Neural Networks#

To develop an attribute-based image retrieval system, you need an architecture that maps both images and attributes into a shared embedding space. This architecture consists of two distinct networks, one for images and another for attributes, that work in tandem to facilitate the comparison between images and attributes.

The figure below illustrates the overall architecture for processing a triplet, which includes an image, a positive attribute vector, and a negative attribute vector. In this setup, the image network (highlighted in blue) processes the image, while the attribute network (highlighted in yellow) processes both positive and negative attribute vectors in a Siamese-like configuration. The networks map their inputs into a shared embedding space, enabling the calculation of similarity scores between images and attributes.

Architecture

Architectural details#

  • The dimensionality of the embedding space is chosen based on the complexity of the relationships you wish to capture. While typical dimensions range from 100 to 500, this project employs a 300-dimensional space to balance expressiveness with computational efficiency.

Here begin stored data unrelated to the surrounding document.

(* Hence every arc misses a vertex: otherwise k and k + 1 would both hit all. *)
Lemma all_arcs_miss_vertex k : misses_vertex k.
Proof.
apply: NNPP => hit; apply: (zsucc_neq k); apply: esym.
by apply: hits_all_vertices_unique => // /misses_vertex_pred.
Qed.

(* Every continuous injective self-map of Y(n) is a rotation: by rigidity each
   arc is mapped onto an arc, and the gluing forces consecutive arcs to go to
   consecutive arcs. *)
Lemma continuous_injective_is_rotation : exists m, h = rotate m.
Proof.
have [m hm] := arc_rigid _ (all_arcs_miss_vertex 0).
exists m; apply: functional_extensionality; apply: qmap_ind.
apply: zsucc_ind => [|k IH] x; first by rewrite hm rotate_q addr0.
have [j hj] := arc_rigid _ (all_arcs_miss_vertex (zsucc k)).
have j_eq : j = m + zsucc k.
  apply: (qmap_arc_inj _ _ b1).
  by rewrite -hj -qmap_glue IH rotate_q qmap_glue /zsucc addrA.
by rewrite hj j_eq rotate_q.
Qed.

End ContinuousInjections.
End Topology.
End GluedArcs.

Theorem mainTheorem2 (n : nat) (T : Type) (d : T -> T -> R) (b1 b2 : T) :
  (2 < n)%nat ->
  de_Groot_continuum d ->
  b1 <> b2 ->
  continuum (Yn_topology n d b1 b2) /\
  exists phi : 'Z_n -> (Yn n b1 b2 -> Yn n b1 b2),
    (forall (m k : 'Z_n) (x : T),
        phi m (qmap (rho n b1 b2) (k, x)) =
        qmap (rho n b1 b2) (GRing.add m k, x)) /\
    (forall m, homeomorphism (Yn_topology n d b1 b2) (phi m)) /\
    (forall m1 m2 y, phi (GRing.add m1 m2) y = phi m1 (phi m2 y)) /\
    (forall m1 m2, phi m1 = phi m2 -> m1 = m2) /\
    (forall h, homeomorphism (Yn_topology n d b1 b2) h ->
       exists m, h = phi m).
Proof.
move=> n_gt2 [d_metric [d_compact [d_connected [_ d_rigid]]]] b1_neq_b2.
split; first exact: Yn_continuum.
exists (rotate n T b1 b2); split; first exact: rotate_q.
split; first exact: rotate_homeomorphism.
split; first exact: rotate_add.
split; first exact: rotate_index_inj.
move=> h [g [gh [_ [h_cont _]]]].
exact: continuous_injective_is_rotation h_cont (can_inj gh).
Qed.
(* Let $L$ be a finite lattice, $a\in L$, and $\varphi\in M_1(L)$. Then the function $x\mapsto\lambda(\varphi;a,x)$ belongs to $M_1(L)$.
   Context: $L$ is a finite lattice with join $\vee$ and meet $\wedge$. $M_1(L)$ is the set of nonnegative monotone (order-preserving) real functions on $L$. A path from $a$ to $b$ in $L$ is a sequence $H=(h_0,h_1,\dots,h_m)$ of distinct elements of $L$ with $h_0=a$, $h_m=b$ ($m\ge0$), viewed as a tree with edges $\{h_{i-1},h_i\}$; for it $\varphi(H)=\sum_{i=0}^m\varphi(h_i)-\sum_{i=1}^m\varphi(h_{i-1}\vee h_i)$. Define $\lambda(\varphi;a,b)=\max\{\varphi(H): H\text{ a path from }a\text{ to }b\}$. *)

From mathcomp Require Import all_boot all_order all_algebra.
Set Implicit Arguments. Unset Strict Implicit. Unset Printing Implicit Defensive.
Import Order.TTheory GRing.Theory Num.Theory.
Local Open Scope order_scope.
Local Open Scope ring_scope.

Section Lam.
Variables (d : Order.disp_t) (L : finLatticeType d) (R : realFieldType).

Definition M1 (phi : L -> R) : Prop :=
  (forall x, 0 <= phi x) /\ (forall x y : L, (x <= y)%O -> phi x <= phi y).

Definition is_path (a b : L) (H : seq L) : bool :=
  [&& H != [::], head a H == a, last a H == b & uniq H].

Definition path_val (phi : L -> R) (H : seq L) : R :=
  \sum_(h <- H) phi h
  - \sum_(e <- zip H (behead H)) phi (e.1 `|` e.2)%O.

(* all candidate sequences of length 1..#|L| (every path of distinct
   elements has at most #|L| vertices) *)
Definition all_seqs : seq (seq L) :=
  flatten [seq [seq val t | t : n.-tuple L] | n <- iota 1 #|L|].

Definition paths (a b : L) : seq (seq L) := [seq H <- all_seqs | is_path a b H].

(* the trivial path [a] or [a; b] is a path, used as the base value *)
Definition base_path (a b : L) : seq L := if a == b then [:: a] else [:: a; b].

Definition lambda (phi : L -> R) (a b : L) : R :=
  \big[Num.max/path_val phi (base_path a b)]_(H <- paths a b) path_val phi H.

End Lam.

(* A path from a to x can be continued to any y >= x without losing value:
   if y lies on the path, cut the path at y, which for monotone phi only
   drops a nonpositive tail; otherwise append y, which costs
   phi y - phi (x `|` y) = 0.  Hence lambda(phi; a, .) is monotone, and it is
   nonnegative because lambda(phi; a, a `&` x) >= phi (a `&` x) >= 0. *)
From mathcomp Require Import all_boot all_order all_algebra.
From mathcomp Require Import lra.
Import Order.TTheory GRing.Theory Num.Theory.

Set Implicit Arguments.
Unset Strict Implicit.
Unset Printing Implicit Defensive.

Local Open Scope order_scope.
Local Open Scope ring_scope.

Section Paths.
Variables (d : Order.disp_t) (L : finLatticeType d) (R : realFieldType).
Variable phi : L -> R.

Lemma path_val_seq1 (x : L) : path_val phi [:: x] = phi x.
Proof. by rewrite /path_val /= big_seq1 big_nil subr0. Qed.

Lemma path_val_cons2 (x y : L) s :
  path_val phi [:: x, y & s] = phi x - phi (x `|` y) + path_val phi (y :: s).
Proof. by rewrite /path_val /= !big_cons opprD addrACA addrA. Qed.

Lemma path_val_cat (s : seq L) z t : s != [::] ->
  path_val phi (s ++ z :: t) =
  path_val phi s - phi (last z s `|` z) + path_val phi (z :: t).
Proof.
case: s => [//|x s] _; elim: s x => [|y s IH] x /=.
  by rewrite path_val_cons2 path_val_seq1.
by rewrite path_val_cons2 IH path_val_cons2 !addrA.
Qed.

Lemma mem_paths (a b : L) H : is_path a b H -> H \in paths a b.
Proof.
move=> pathH; rewrite mem_filter pathH /=.
case/and4P: pathH => H_neq0 _ _ uniqH.
apply/flattenP; exists [seq val t | t : (size H).-tuple L].
  apply/mapP; exists (size H) => //; rewrite mem_iota add1n ltnS.
  by rewrite -(card_uniqP uniqH) max_card andbT (card_uniqP uniqH) lt0n size_eq0.
by apply/imageP; exists (in_tuple H).
Qed.

Lemma is_path_base (a b : L) : is_path a b (base_path a b).
Proof.
rewrite /base_path /is_path.
by case: (eqVneq a b) => [->|neq_ab] /=; rewrite !eqxx ?inE ?neq_ab.
Qed.

Lemma path_val_le_lambda (a b : L) H :
  is_path a b H -> path_val phi H <= lambda phi a b.
Proof. by move=> pathH; rewrite (le_bigmax_seq _ _ _ _ (mem_paths pathH)). Qed.

Lemma lambda_le (a b : L) (z : R) :
  (forall H, is_path a b H -> path_val phi H <= z) -> lambda phi a b <= z.
Proof.
move=> ub; rewrite /lambda big_seq; apply: bigmax_le; first exact/ub/is_path_base.
by move=> H; rewrite mem_filter => /andP[/ub].
Qed.

Lemma lambda_ge_below (a b : L) : (b <= a)%O -> phi b <= lambda phi a b.
Proof.
move=> le_ba; apply: le_trans (path_val_le_lambda (is_path_base a b)).
rewrite /base_path; case: (eqVneq a b) => [->|_]; first by rewrite path_val_seq1.
by rewrite path_val_cons2 path_val_seq1 (join_l le_ba) subrr add0r.
Qed.

Lemma is_path_rcons (a x y : L) H : is_path a x H -> y \notin H ->
  is_path a y (rcons H y).
Proof.
case/and4P=> H_neq0 /eqP headH _ uniqH yNH; apply/and4P; split.
- by rewrite -size_eq0 size_rcons.
- by case: H H_neq0 headH {uniqH yNH} => [|h H] //= _ ->.
- by rewrite last_rcons.
- by rewrite rcons_uniq yNH.
Qed.

Lemma is_path_prefix (a x y : L) p q : is_path a x (p ++ y :: q) ->
  is_path a y (rcons p y).
Proof.
case/and4P=> _ /eqP headH _; rewrite -cat_rcons cat_uniq => /andP[uniq_py _].
apply/and4P; split.
- by rewrite -size_eq0 size_rcons.
- by case: p headH {uniq_py} => [|h p] //= ->.
- by rewrite last_rcons.
- exact: uniq_py.
Qed.

End Paths.

Section MonotonePhi.
Variables (d : Order.disp_t) (L : finLatticeType d) (R : realFieldType).
Variable phi : L -> R.
Hypothesis phi_homo : forall x y : L, (x <= y)%O -> phi x <= phi y.

Lemma path_val_le_head (z : L) t : path_val phi (z :: t) <= phi z.
Proof.
elim: t z => [|w t IH] z; first by rewrite path_val_seq1.
have := phi_homo (leUr w z); rewrite path_val_cons2; have := IH w; lra.
Qed.

Lemma path_extend (a x y : L) H : is_path a x H -> (x <= y)%O ->
  exists2 H', is_path a y H' & path_val phi H <= path_val phi H'.
Proof.
move=> pathH le_xy; have [yH | yNH] := boolP (y \in H); last first.
  exists (rcons H y); first exact: is_path_rcons pathH yNH.
  case/and4P: pathH => H_neq0 _ /eqP lastH _.
  rewrite -cats1 path_val_cat // path_val_seq1.
  case: H H_neq0 lastH {yNH} => [//|h H] _ lastH.
  have -> : last y (h :: H) = x := lastH.
  by rewrite (join_r le_xy) subrK.
case/splitPr: yH pathH => p q pathH; exists (rcons p y).
  exact: is_path_prefix pathH.
case: q pathH => [|z q] _; first by rewrite cats1.
rewrite -cat_rcons path_val_cat ?last_rcons -?size_eq0 ?size_rcons //.
have := path_val_le_head z q; have := phi_homo (leUr z y); lra.
Qed.

Lemma lambda_homo (a x y : L) : (x <= y)%O -> lambda phi a x <= lambda phi a y.
Proof.
move=> le_xy; apply: lambda_le => H pathH.
have [H' pathH' le_HH'] := path_extend pathH le_xy.
exact: le_trans le_HH' (path_val_le_lambda phi pathH').
Qed.

End MonotonePhi.

Theorem lemma3p10 (d : Order.disp_t) (L : finLatticeType d) (R : realFieldType)
  (a : L) (phi : L -> R) :
  M1 phi -> M1 (fun x => lambda phi a x).
Proof.
case=> phi_ge0 phi_homo; split; last by move=> x y; apply: lambda_homo.
move=> x; apply: le_trans (phi_ge0 (a `&` x)) _.
apply: le_trans (lambda_ge_below phi (leIl a x)) _.
exact/lambda_homo/leIr.
Qed.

  • A convolutional neural network is used to generate image embeddings. The network leverages a pre-trained backbone (such as MobileNet or ResNet-50) for robust feature extraction, followed by a custom head that maps these features into the 300-dimensional embedding space. The output is normalized to ensure that all image embeddings have unit length, simplifying subsequent similarity computations.

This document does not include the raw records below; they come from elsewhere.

(* Let $1\le k\le d$, $\epsilon>0$, let $P\subset\mathbb{R}^d$ be a finite point set, and let $c(P)$ be the output of the Local Search algorithm (defined in the context) run on $P$ with parameters $k$ and $\epsilon$. Then for every $(k-1)$-dimensional linear subspace $\mathcal{H}$ of $\mathbb{R}^d$, $$h(c(P),\mathcal{H})\ge\frac{h(P,\mathcal{H})}{2k(1+\epsilon)}.$$
   Context: For a finite set $S\subset\mathbb{R}^d$ with $|S|=j$, $\mathrm{VOL}(S)$ denotes the $j$-dimensional volume of the parallelepiped spanned by the vectors of $S$. For a set $\mathcal{C}$ and points $p,q$, $\mathcal{C}+q-p$ denotes $(\mathcal{C}\setminus\{p\})\cup\{q\}$. The Local Search algorithm on input $P$, $k$, $\epsilon$: initialize $\mathcal{C}=\emptyset$; for $i=1,\dots,k$ add to $\mathcal{C}$ a point $\arg\max_{p\in P\setminus\mathcal{C}}\mathrm{VOL}(\mathcal{C}\cup\{p\})$; then repeat: if there are $q\in P\setminus\mathcal{C}$ and $p\in\mathcal{C}$ with $\mathrm{VOL}(\mathcal{C}+q-p)\ge(1+\epsilon)\mathrm{VOL}(\mathcal{C})$, replace $p$ by $q$; until no such pair exists; output $\mathcal{C}$. For a point set $Q$ and a subspace $\mathcal{H}$, $h(Q,\mathcal{H})=\max_{p\in Q}\mathrm{dist}(p,\mathcal{H})$, where $\mathrm{dist}(p,\mathcal{H})$ is the Euclidean distance from $p$ to $\mathcal{H}$ (the $k$-directional height). *)

From HB Require Import structures.
From mathcomp Require Import all_boot all_order all_algebra.
From mathcomp Require Import finmap.
From mathcomp Require Import boolp classical_sets reals.
From Stdlib Require Import Relations.
Set Implicit Arguments. Unset Strict Implicit. Unset Printing Implicit Defensive.
Import Order.TTheory GRing.Theory Num.Theory.
Local Open Scope ring_scope.
Local Open Scope fset_scope.

Section LocalSearch.
Variables (R : realType) (d : nat).
Notation pt := 'rV[R]_d.

Definition enorm (v : pt) : R := Num.sqrt (\sum_(i < d) v ord0 i ^+ 2).
Lemma form_cvg_pairing u b a e : form_cvg u b -> 0 < e ->
  exists N, forall n, (N <= n)%N -> `|P (u n - b) a| < e.
Proof.
move=> cvgu e0; set mu := (P a a + 1) / e.
have qa := form_ge0 a.
have mu0 : 0 < mu by rewrite divr_gt0 //; lra.
have [N HN] := cvgu _ (divr_gt0 e0 mu0); exists N => n /HN small.
have h1 := form_amgm (u n - b) a mu0.
have h2 := form_amgm (- (u n - b)) a mu0.
rewrite !(formNl, formNr) opprK in h2.
have g1 : mu * P (u n - b) (u n - b) < e by rewrite mulrC -ltr_pdivlMr.
have g2 : P a a / mu < e.
  by rewrite ltr_pdivrMr // /mu mulrCA mulfV ?gt_eqF // mulr1; lra.
by rewrite ltr_norml; apply/andP; split; lra.
Qed.

Lemma form_cvgD u v a b : form_cvg u a -> form_cvg v b ->
  form_cvg (fun n => u n + v n) (a + b).
Proof.
move=> cu cv e e0; have e4 : 0 < e / 4 by lra.
have [N1 H1] := cu _ e4; have [N2 H2] := cv _ e4.
exists (maxn N1 N2) => n; rewrite geq_max => /andP[/H1 h1 /H2 h2].
rewrite opprD addrACA; apply: le_lt_trans (form_sqrD_le _ _) _; lra.
Qed.

Lemma form_cvgZ c u a : form_cvg u a ->
  form_cvg (fun n => scale c (u n)) (scale c a).
Proof.
move=> cu e e0.
have c1 : 0 < c ^+ 2 + 1 by have := sqr_ge0 c; lra.
have [N HN] := cu _ (divr_gt0 e0 c1).
by exists N => n /HN h; rewrite form_sqrZB; apply: scale_sqr_lt.
Qed.

Lemma form_dist_le_lim x d vs v : form_cvg vs v ->
  (forall n, P (x - vs n) (x - vs n) < d + n.+1%:R^-1) -> P (x - v) (x - v) <= d.
Proof.
move=> cvg_vs near; apply/ler_addgt0Pr => e e0.
have [e2 e4] : 0 < e / 2 /\ 0 < e / 4 by split; lra.
have [N1 H1] := natSinv_lt e2.
have [N2 H2] := form_cvg_pairing (x - v) cvg_vs e4.
pose n := maxn N1 N2; have qn := near n; have h1 := H1 n (leq_maxl _ _).
have := H2 n (leq_maxr _ _); rewrite ltr_norml => /andP[_ h2].
(* [set] identifies the two elaborations of [n.+1%:R^-1] (from [natSinv_lt]
   and from the hypothesis), which carry different instance paths for [lra]. *)
set i_n := (n.+1%:R^-1 : R) in h1 qn.
have expand : P (x - vs n) (x - vs n) =
    P (x - v) (x - v) - 2 * P (vs n - v) (x - v) + P (vs n - v) (vs n - v).
  have -> : x - vs n = (x - v) - (vs n - v) by rewrite opprB addrA subrK.
  by rewrite form_sqrB (formC (x - v)).
have := form_ge0 (vs n - v); lra.
Qed.

Section Projection.
Variable V : set X.
Hypotheses (V0 : V 0) (VD : forall x y, V x -> V y -> V (x + y))
  (VZ : forall a x, V x -> V (scale a x))
  (Vcomplete : forall u, (forall n, V (u n)) -> form_cauchy u ->
     exists2 v, V v & form_cvg u v).

Lemma form_min_orth x v : V v ->
  (forall w, V w -> P (x - v) (x - v) <= P (x - w) (x - w)) ->
  forall w, V w -> P (x - v) w = 0.
Proof.
move=> Vv vmin w Vw; apply: (eq0_of_quadratic_ge_linear (form_ge0 w)) => s.
have := vmin _ (VD Vv (VZ s Vw)).
by rewrite opprD addrA (form_sqrB (x - v)) !formZr formZl; lra.
Qed.

Lemma form_minimizing_cauchy x d vs :
  (forall w, V w -> d <= P (x - w) (x - w)) ->
  (forall n, V (vs n) /\ P (x - vs n) (x - vs n) < d + n.+1%:R^-1) ->
  form_cauchy vs.
Proof.
move=> dle Hvs e e0; have e4 : 0 < e / 4 by lra.
have [N HN] := natSinv_lt e4; exists N => m n /HN hm /HN hn.
have [[Vm qm] [Vn qn]] := (Hvs m, Hvs n).
have := form_parallelogram x (vs m) (vs n).
set im := (m.+1%:R^-1 : R) in hm qm; set i_n := (n.+1%:R^-1 : R) in hn qn.
have := dle _ (VZ 2^-1 (VD Vm Vn)); lra.
Qed.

  • A fully connected network is used to generate embeddings for attributes. This network comprises two linear layers (each with 300 dimensions) interleaved with batch normalization and ReLU activation to introduce non-linearity and promote training stability. Similar to the image embeddings, the output is normalized to produce unit-length vectors, ensuring compatibility in the shared embedding space.

Pretraining#

The image network comprises a convolutional backbone and a fully-connected head. To facilitate training, the backbone can be taken from a pre-trained model, such as MobileNet or ResNet-50, to leverage the robust feature extraction capabilities of these architectures. In contrast, the image network’s head and the attribute network are randomly initialized to enable learning of the shared embedding space.

Recommendation

Begin with a feature extraction strategy to rapidly establish a functional system with stable and robust representations. Once you have a reliable baseline, explore fine-tuning to further enhance the model’s performance on your specific dataset.

Feature extraction#

In the feature extraction strategy, the backbone of the image network is kept frozen, while the embedding head is trained from scratch. When dealing with high-dimensional data like images, however, training a network directly on raw pixels can be computationally intensive, even when the backbone is pre-trained and frozen. To mitigate this issue, you can precompute the backbone output for all images in the dataset and store these features for subsequent training. This approach significantly reduces the computational burden, as the backbone only needs to be run once per image, rather than once per training iteration.

Implementation details#

The Weak Supervision tutorial provides a detailed implementation for extracting image features using a pre-trained backbone. In summary, the process involves the following steps.

  • Create a standard CNN with pre-trained weights.

  • Create the dataset using the model transform as preprocessing.

  • Loop through the dataset with a dataloader.

  • For each batch of images and attributes:

    • Extract the image features using the pre-trained model.

    • Store the image features and attributes in two separate lists.

  • At the end of the loop, stack the image features and attributes into tensors.

  • Save the tensors to disk for future training.

Note

A PyTorch tensor can be saved to disk using the torch.save function. The saved tensor can be loaded using the torch.load function.

Tensor dataset#

The image features and attributes can be combined into a dataset using the TensorDataset class. The following code snippet demonstrates how to do this.

import torch
from torch.utils.data import TensorDataset

# Load the saved tensors
features   = torch.load('features.pt')
attributes = torch.load('attributes.pt')

# Create a dataset from the tensors
dataset = TensorDataset(features, labels)

# Example of accessing the first element in the dataset
features, attributes = dataset[0]

Alternatively, you can define a custom dataset that loads the tensors and returns them as needed.

import os
import torch
from torch.utils.data import Dataset

class CustomDataset(Dataset):

    def __init__(self, root_dir):
        self.features = torch.load(os.path.join(root_dir, 'features.pt'))
        self.attributes = torch.load(os.path.join(root_dir, 'attributes.pt'))

    def __len__(self):
        return len(self.features)

    def __getitem__(self, idx):
        return self.features[idx], self.attributes[idx]

Training#

Once the image features and attributes are precomputed and stored, you can train the networks using the custom dataset created in the previous step. You can reuse the training loop from the tutorials by proving the appropriate train_step() function. In this case, you need group the two networks into a single model to comply with the function signature.

class EmbeddingNetworks(torch.nn.Module):

    def __init__(self):
        super().__init__()
        self.image_net = ...     # torch.nn.Module
        self.attribute_net = ... # torch.nn.Module
def train_step(model: EmbeddingNetworks, 
               batch: tuple[torch.Tensor, torch.Tensor],
               loss_fn: torch.nn.Module, 
               optimizer: torch.optim.Optimizer, 
               device: torch.device) -> float:
    
    # Unpack the batch
    features, attributes = batch

    # Send data to device
    features = features.to(device)
    attributes = attributes.to(device)

    # Forward pass
    anchors   = model.image_net(features)
    positives = model.attribute_net(attributes)

    ... # To be continued